■ **Exercise**
Each entry needs to be reproduced verbatim.

■ **Task data**
----------------------------------------

(* Let $q$ be a prime power and $1\le t_i\le t_o\le s$. If there exists a linear $(t_i,t_o,s,q)$-AONT, then there exists a linear $(t_i',t_o,s,q)$-AONT for every $t_i'$ with $1\le t_i'\le t_i$.
   Context: A linear $(t_i,t_o,s,q)$-AONT is given by an invertible $s\times s$ matrix $M$ over $\mathbb{F}_q$ defining the map $\mathbf{x}\mapsto\mathbf{y}=\mathbf{x}M^{-1}$ on row vectors of $\mathbb{F}_q^s$, such that for every set $I$ of $t_i$ input coordinates and every set $J$ of $s-t_o$ output coordinates, the pair $((x_i)_{i\in I},(y_j)_{j\in J})$ takes every value in $\mathbb{F}_q^{t_i+s-t_o}$ equally often as $\mathbf{x}$ ranges over $\mathbb{F}_q^s$. Equivalently, $M$ is invertible and every $t_o\times t_i$ submatrix of $M$ has rank $t_i$. *)

From mathcomp Require Import all_boot all_algebra.
Set Implicit Arguments. Unset Strict Implicit. Unset Printing Implicit Defensive.
Import GRing.Theory.
Local Open Scope ring_scope.

(* A linear (t_i, t_o, s, q)-AONT over the finite field F (q = #|F|) is
   given by an invertible s x s matrix M such that every t_o x t_i
   submatrix of M (rows selected by an injective f, columns by an
   injective g) has rank t_i. *)
Definition linear_AONT (F : fieldType) (ti to s : nat) (M : 'M[F]_s) : Prop :=
  M \in unitmx /\
  forall (f : 'I_to -> 'I_s) (g : 'I_ti -> 'I_s),
    injective f -> injective g -> \rank (mxsub f g M) = ti.

(* The matrix itself does not change.  Any t_i' chosen columns extend to t_i
   columns; on the chosen t_o rows these t_i columns are linearly independent,
   hence so is any subfamily of them. *)
From mathcomp Require Import all_boot all_algebra.
Set Implicit Arguments. Unset Strict Implicit. Unset Printing Implicit Defensive.
Import GRing.Theory.
Local Open Scope ring_scope.

Lemma widen_ord_inj n m (le_nm : (n <= m)%N) : injective (widen_ord le_nm).
Proof. by move=> i j /(congr1 val) eq_ij; apply: val_inj. Qed.

Lemma widen_ord_extend (T : finType) m n (le_mn : (m <= n)%N)
    (g' : 'I_m -> T) : (n <= #|T|)%N -> injective g' ->
  exists2 g : 'I_n -> T, injective g & g \o widen_ord le_mn =1 g'.
Proof.
move=> le_nT g'_inj.
(* an enumeration of T beginning with g' 0, ..., g' (m - 1) *)
pose t := codom g' ++ enum [predC codom g'].
have size_t : size t == #|T|.
  by rewrite size_cat size_codom -cardE -(card_codom g'_inj) cardC.
have t_uniq : uniq (Tuple size_t).
  rewrite cat_uniq enum_uniq andbT (map_inj_uniq g'_inj) enum_uniq /=.
  by apply/hasPn => x; rewrite mem_enum.
exists (tnth (Tuple size_t) \o widen_ord le_nT).
  by apply: inj_comp; [apply/tuple_uniqP | apply: widen_ord_inj].
move=> j /=; rewrite (tnth_nth (g' j)) /= nth_cat size_codom card_ord /= ltn_ord.
by rewrite codomE (nth_map j) ?size_enum_ord ?ltn_ord // nth_ord_enum.
Qed.

Section FullColumnRank.

Variable F : fieldType.

Lemma row_free_rowsub1 n n' (h : 'I_n' -> 'I_n) :
  injective h -> row_free (rowsub h (1%:M : 'M[F]_n)).
Proof.
move=> h_inj; apply/row_freeP; exists (colsub h 1%:M).
by apply/matrixP => i j; rewrite -mxsub_mul mulmx1 !mxE (inj_eq h_inj).
Qed.

Lemma mxrank_colsub_full m n n' (h : 'I_n' -> 'I_n) (A : 'M[F]_(m, n)) :
  injective h -> \rank A = n -> \rank (colsub h A) = n'.
Proof.
move=> h_inj rankA.
rewrite -[A]mulmx1 -mulmx_colsub -mxrank_tr trmx_mul mxrankMfree; last first.
  by rewrite /row_free mxrank_tr rankA.
rewrite trmx_mxsub trmx1; exact/eqP/row_free_rowsub1.
Qed.

End FullColumnRank.

Lemma linear_AONT_leq_ti (F : fieldType) ti ti' to s (M : 'M[F]_s) :
  (ti' <= ti)%N -> (ti <= s)%N ->
  linear_AONT ti to M -> linear_AONT ti' to M.
Proof.
move=> le_ti' le_ti_s [M_unit M_rank]; split=> // f g' f_inj g'_inj.
have le_ti_card : (ti <= #|'I_s|)%N by rewrite card_ord.
have [g g_inj g_ext] := widen_ord_extend le_ti' le_ti_card g'_inj.
have -> : mxsub f g' M = colsub (widen_ord le_ti') (mxsub f g M).
  by apply/matrixP => i j; rewrite !mxE -g_ext.
by apply: mxrank_colsub_full; [apply: widen_ord_inj | apply: M_rank].
Qed.

Theorem mainTheorem9 (F : finFieldType) (ti to s : nat) :
  (1 <= ti)%N -> (ti <= to)%N -> (to <= s)%N ->
  (exists M : 'M[F]_s, linear_AONT ti to M) ->
  forall ti' : nat, (1 <= ti')%N -> (ti' <= ti)%N ->
    exists M' : 'M[F]_s, linear_AONT ti' to M'.
Proof.
move=> _ le_ti_to le_to_s [M M_AONT] ti' _ le_ti'.
exists M; apply: linear_AONT_leq_ti M_AONT => //.
exact: leq_trans le_to_s.
Qed.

----------------------------------------

■ **Response to this task**
(* Let $q$ be a prime power and $1\le t_i\le t_o\le s$. If there exists a linear $(t_i,t_o,s,q)$-AONT, then there exists a linear $(t_i',t_o,s,q)$-AONT for every $t_i'$ with $1\le t_i'\le t_i$.
   Context: A linear $(t_i,t_o,s,q)$-AONT is given by an invertible $s\times s$ matrix $M$ over $\mathbb{F}_q$ defining the map $\mathbf{x}\mapsto\mathbf{y}=\mathbf{x}M^{-1}$ on row vectors of $\mathbb{F}_q^s$, such that for every set $I$ of $t_i$ input coordinates and every set $J$ of $s-t_o$ output coordinates, the pair $((x_i)_{i\in I},(y_j)_{j\in J})$ takes every value in $\mathbb{F}_q^{t_i+s-t_o}$ equally often as $\mathbf{x}$ ranges over $\mathbb{F}_q^s$. Equivalently, $M$ is invertible and every $t_o\times t_i$ submatrix of $M$ has rank $t_i$. *)

From mathcomp Require Import all_boot all_algebra.
Set Implicit Arguments. Unset Strict Implicit. Unset Printing Implicit Defensive.
Import GRing.Theory.
Local Open Scope ring_scope.

(* A linear (t_i, t_o, s, q)-AONT over the finite field F (q = #|F|) is
   given by an invertible s x s matrix M such that every t_o x t_i
   submatrix of M (rows selected by an injective f, columns by an
   injective g) has rank t_i. *)
Definition linear_AONT (F : fieldType) (ti to s : nat) (M : 'M[F]_s) : Prop :=
  M \in unitmx /\
  forall (f : 'I_to -> 'I_s) (g : 'I_ti -> 'I_s),
    injective f -> injective g -> \rank (mxsub f g M) = ti.

(* The matrix itself does not change.  Any t_i' chosen columns extend to t_i
   columns; on the chosen t_o rows these t_i columns are linearly independent,
   hence so is any subfamily of them. *)
From mathcomp Require Import all_boot all_algebra.
Set Implicit Arguments. Unset Strict Implicit. Unset Printing Implicit Defensive.
Import GRing.Theory.
Local Open Scope ring_scope.

Lemma widen_ord_inj n m (le_nm : (n <= m)%N) : injective (widen_ord le_nm).
Proof. by move=> i j /(congr1 val) eq_ij; apply: val_inj. Qed.

Lemma widen_ord_extend (T : finType) m n (le_mn : (m <= n)%N)
    (g' : 'I_m -> T) : (n <= #|T|)%N -> injective g' ->
  exists2 g : 'I_n -> T, injective g & g \o widen_ord le_mn =1 g'.
Proof.
move=> le_nT g'_inj.
(* an enumeration of T beginning with g' 0, ..., g' (m - 1) *)
pose t := codom g' ++ enum [predC codom g'].
have size_t : size t == #|T|.
  by rewrite size_cat size_codom -cardE -(card_codom g'_inj) cardC.
have t_uniq : uniq (Tuple size_t).
  rewrite cat_uniq enum_uniq andbT (map_inj_uniq g'_inj) enum_uniq /=.
  by apply/hasPn => x; rewrite mem_enum.
exists (tnth (Tuple size_t) \o widen_ord le_nT).
  by apply: inj_comp; [apply/tuple_uniqP | apply: widen_ord_inj].
move=> j /=; rewrite (tnth_nth (g' j)) /= nth_cat size_codom card_ord /= ltn_ord.
by rewrite codomE (nth_map j) ?size_enum_ord ?ltn_ord // nth_ord_enum.
Qed.

Section FullColumnRank.

Variable F : fieldType.

Lemma row_free_rowsub1 n n' (h : 'I_n' -> 'I_n) :
  injective h -> row_free (rowsub h (1%:M : 'M[F]_n)).
Proof.
move=> h_inj; apply/row_freeP; exists (colsub h 1%:M).
by apply/matrixP => i j; rewrite -mxsub_mul mulmx1 !mxE (inj_eq h_inj).
Qed.

Lemma mxrank_colsub_full m n n' (h : 'I_n' -> 'I_n) (A : 'M[F]_(m, n)) :
  injective h -> \rank A = n -> \rank (colsub h A) = n'.
Proof.
move=> h_inj rankA.
rewrite -[A]mulmx1 -mulmx_colsub -mxrank_tr trmx_mul mxrankMfree; last first.
  by rewrite /row_free mxrank_tr rankA.
rewrite trmx_mxsub trmx1; exact/eqP/row_free_rowsub1.
Qed.

End FullColumnRank.

Lemma linear_AONT_leq_ti (F : fieldType) ti ti' to s (M : 'M[F]_s) :
  (ti' <= ti)%N -> (ti <= s)%N ->
  linear_AONT ti to M -> linear_AONT ti' to M.
Proof.
move=> le_ti' le_ti_s [M_unit M_rank]; split=> // f g' f_inj g'_inj.
have le_ti_card : (ti <= #|'I_s|)%N by rewrite card_ord.
have [g g_inj g_ext] := widen_ord_extend le_ti' le_ti_card g'_inj.
have -> : mxsub f g' M = colsub (widen_ord le_ti') (mxsub f g M).
  by apply/matrixP => i j; rewrite !mxE -g_ext.
by apply: mxrank_colsub_full; [apply: widen_ord_inj | apply: M_rank].
Qed.

Theorem mainTheorem9 (F : finFieldType) (ti to s : nat) :
  (1 <= ti)%N -> (ti <= to)%N -> (to <= s)%N ->
  (exists M : 'M[F]_s, linear_AONT ti to M) ->
  forall ti' : nat, (1 <= ti')%N -> (ti' <= ti)%N ->
    exists M' : 'M[F]_s, linear_AONT ti' to M'.
Proof.
move=> _ le_ti_to le_to_s [M M_AONT] ti' _ le_ti'.
exists M; apply: linear_AONT_leq_ti M_AONT => //.
exact: leq_trans le_to_s.
Qed.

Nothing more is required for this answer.